Items listed in a dataset
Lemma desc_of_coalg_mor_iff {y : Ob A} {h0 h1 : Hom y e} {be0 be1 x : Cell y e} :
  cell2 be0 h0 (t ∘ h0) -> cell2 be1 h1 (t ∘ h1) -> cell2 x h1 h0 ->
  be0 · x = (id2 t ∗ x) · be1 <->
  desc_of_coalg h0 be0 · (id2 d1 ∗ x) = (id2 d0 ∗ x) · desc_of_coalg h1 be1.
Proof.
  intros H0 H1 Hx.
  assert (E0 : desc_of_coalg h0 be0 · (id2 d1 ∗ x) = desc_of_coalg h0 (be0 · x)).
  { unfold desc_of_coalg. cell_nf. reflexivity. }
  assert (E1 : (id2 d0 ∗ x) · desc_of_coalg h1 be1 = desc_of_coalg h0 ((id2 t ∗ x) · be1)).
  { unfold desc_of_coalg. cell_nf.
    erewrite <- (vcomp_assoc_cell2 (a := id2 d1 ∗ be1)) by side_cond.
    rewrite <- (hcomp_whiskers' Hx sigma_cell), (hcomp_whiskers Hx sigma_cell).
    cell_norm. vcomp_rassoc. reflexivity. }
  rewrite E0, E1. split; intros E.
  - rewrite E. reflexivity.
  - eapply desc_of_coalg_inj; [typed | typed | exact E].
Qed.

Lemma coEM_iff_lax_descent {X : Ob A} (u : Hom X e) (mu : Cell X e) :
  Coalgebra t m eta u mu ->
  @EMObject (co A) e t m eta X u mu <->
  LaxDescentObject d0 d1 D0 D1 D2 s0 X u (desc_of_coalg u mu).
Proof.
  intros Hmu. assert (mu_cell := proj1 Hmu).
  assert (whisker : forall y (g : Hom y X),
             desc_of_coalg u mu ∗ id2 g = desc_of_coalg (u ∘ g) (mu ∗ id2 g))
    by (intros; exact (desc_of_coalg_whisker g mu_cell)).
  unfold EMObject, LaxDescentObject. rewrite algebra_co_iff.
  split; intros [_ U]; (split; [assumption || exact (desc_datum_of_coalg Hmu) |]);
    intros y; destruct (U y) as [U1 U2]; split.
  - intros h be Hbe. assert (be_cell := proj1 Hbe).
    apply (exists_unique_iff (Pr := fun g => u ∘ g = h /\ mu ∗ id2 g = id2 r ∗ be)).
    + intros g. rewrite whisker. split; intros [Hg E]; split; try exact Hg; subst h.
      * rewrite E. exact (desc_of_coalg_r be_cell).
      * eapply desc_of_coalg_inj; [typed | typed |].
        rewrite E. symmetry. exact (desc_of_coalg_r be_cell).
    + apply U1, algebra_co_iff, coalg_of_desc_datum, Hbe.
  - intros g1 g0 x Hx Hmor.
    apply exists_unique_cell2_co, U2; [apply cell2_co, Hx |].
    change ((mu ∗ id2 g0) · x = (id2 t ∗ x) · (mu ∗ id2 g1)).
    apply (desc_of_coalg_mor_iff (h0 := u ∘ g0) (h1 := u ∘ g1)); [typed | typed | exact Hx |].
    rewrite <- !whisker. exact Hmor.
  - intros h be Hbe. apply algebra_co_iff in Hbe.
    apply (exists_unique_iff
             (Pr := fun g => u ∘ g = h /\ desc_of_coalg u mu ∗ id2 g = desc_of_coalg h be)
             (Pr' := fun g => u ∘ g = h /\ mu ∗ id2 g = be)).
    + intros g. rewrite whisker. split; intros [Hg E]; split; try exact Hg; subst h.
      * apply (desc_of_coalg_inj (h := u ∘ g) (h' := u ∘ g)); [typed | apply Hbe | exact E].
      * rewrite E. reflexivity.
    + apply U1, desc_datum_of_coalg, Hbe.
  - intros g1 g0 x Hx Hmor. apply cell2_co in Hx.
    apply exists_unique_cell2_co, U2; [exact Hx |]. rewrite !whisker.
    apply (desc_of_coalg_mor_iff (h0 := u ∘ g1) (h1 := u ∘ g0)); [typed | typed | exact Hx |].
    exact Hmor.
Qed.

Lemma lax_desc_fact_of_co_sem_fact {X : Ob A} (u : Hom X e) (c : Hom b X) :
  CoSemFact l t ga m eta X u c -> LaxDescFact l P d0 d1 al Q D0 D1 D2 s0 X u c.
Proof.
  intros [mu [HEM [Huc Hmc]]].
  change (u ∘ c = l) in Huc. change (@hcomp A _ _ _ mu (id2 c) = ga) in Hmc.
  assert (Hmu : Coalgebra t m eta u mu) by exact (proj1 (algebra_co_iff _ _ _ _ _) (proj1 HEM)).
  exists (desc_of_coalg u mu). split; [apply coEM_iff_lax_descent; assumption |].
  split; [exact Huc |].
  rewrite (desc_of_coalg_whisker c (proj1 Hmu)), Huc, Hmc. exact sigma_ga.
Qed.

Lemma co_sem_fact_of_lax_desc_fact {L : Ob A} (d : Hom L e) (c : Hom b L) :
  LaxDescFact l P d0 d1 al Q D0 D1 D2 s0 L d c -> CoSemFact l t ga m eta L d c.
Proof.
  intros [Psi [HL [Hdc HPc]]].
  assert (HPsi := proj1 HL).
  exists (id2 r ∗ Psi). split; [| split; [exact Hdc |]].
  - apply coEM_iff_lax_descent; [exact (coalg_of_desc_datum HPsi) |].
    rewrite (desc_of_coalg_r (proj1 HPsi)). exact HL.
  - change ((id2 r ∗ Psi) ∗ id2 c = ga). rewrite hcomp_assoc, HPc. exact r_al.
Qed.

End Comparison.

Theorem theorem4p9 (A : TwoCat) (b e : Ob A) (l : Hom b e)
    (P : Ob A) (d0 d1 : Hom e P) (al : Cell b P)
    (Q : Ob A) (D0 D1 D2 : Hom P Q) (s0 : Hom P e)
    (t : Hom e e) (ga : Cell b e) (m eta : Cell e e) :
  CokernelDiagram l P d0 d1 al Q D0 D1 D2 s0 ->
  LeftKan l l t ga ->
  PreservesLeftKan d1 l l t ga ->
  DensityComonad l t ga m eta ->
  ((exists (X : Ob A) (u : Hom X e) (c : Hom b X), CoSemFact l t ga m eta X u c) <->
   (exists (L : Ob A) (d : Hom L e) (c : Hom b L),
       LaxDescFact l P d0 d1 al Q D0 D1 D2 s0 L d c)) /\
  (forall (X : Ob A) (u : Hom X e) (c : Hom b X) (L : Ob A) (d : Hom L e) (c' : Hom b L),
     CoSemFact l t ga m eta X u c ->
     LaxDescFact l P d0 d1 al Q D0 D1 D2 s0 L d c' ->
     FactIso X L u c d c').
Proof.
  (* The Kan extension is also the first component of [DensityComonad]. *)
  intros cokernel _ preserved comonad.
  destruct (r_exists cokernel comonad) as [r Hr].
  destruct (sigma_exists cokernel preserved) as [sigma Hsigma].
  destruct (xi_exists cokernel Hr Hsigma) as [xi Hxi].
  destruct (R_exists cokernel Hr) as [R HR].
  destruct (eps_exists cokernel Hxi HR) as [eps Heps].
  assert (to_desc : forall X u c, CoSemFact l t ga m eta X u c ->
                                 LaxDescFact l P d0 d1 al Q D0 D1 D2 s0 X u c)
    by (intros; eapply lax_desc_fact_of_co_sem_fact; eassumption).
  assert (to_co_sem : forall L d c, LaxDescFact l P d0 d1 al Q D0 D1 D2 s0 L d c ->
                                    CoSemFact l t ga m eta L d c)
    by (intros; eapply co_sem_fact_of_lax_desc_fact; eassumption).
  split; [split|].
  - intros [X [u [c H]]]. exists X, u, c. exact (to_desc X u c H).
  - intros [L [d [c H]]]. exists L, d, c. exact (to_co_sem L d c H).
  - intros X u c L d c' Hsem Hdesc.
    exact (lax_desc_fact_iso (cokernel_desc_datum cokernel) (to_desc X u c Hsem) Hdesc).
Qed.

EXERCISE BRIEF = Your answer should consist solely of the lines above from the line with "(Q : Ob A) (D0" to the line with "(* The Kan extension", both included, reproduced exactly.

TASK SOLUTION =
    (Q : Ob A) (D0 D1 D2 : Hom P Q) (s0 : Hom P e)
    (t : Hom e e) (ga : Cell b e) (m eta : Cell e e) :
  CokernelDiagram l P d0 d1 al Q D0 D1 D2 s0 ->
  LeftKan l l t ga ->
  PreservesLeftKan d1 l l t ga ->
  DensityComonad l t ga m eta ->
  ((exists (X : Ob A) (u : Hom X e) (c : Hom b X), CoSemFact l t ga m eta X u c) <->
   (exists (L : Ob A) (d : Hom L e) (c : Hom b L),
       LaxDescFact l P d0 d1 al Q D0 D1 D2 s0 L d c)) /\
  (forall (X : Ob A) (u : Hom X e) (c : Hom b X) (L : Ob A) (d : Hom L e) (c' : Hom b L),
     CoSemFact l t ga m eta X u c ->
     LaxDescFact l P d0 d1 al Q D0 D1 D2 s0 L d c' ->
     FactIso X L u c d c').
Proof.
  (* The Kan extension is also the first component of [DensityComonad]. *)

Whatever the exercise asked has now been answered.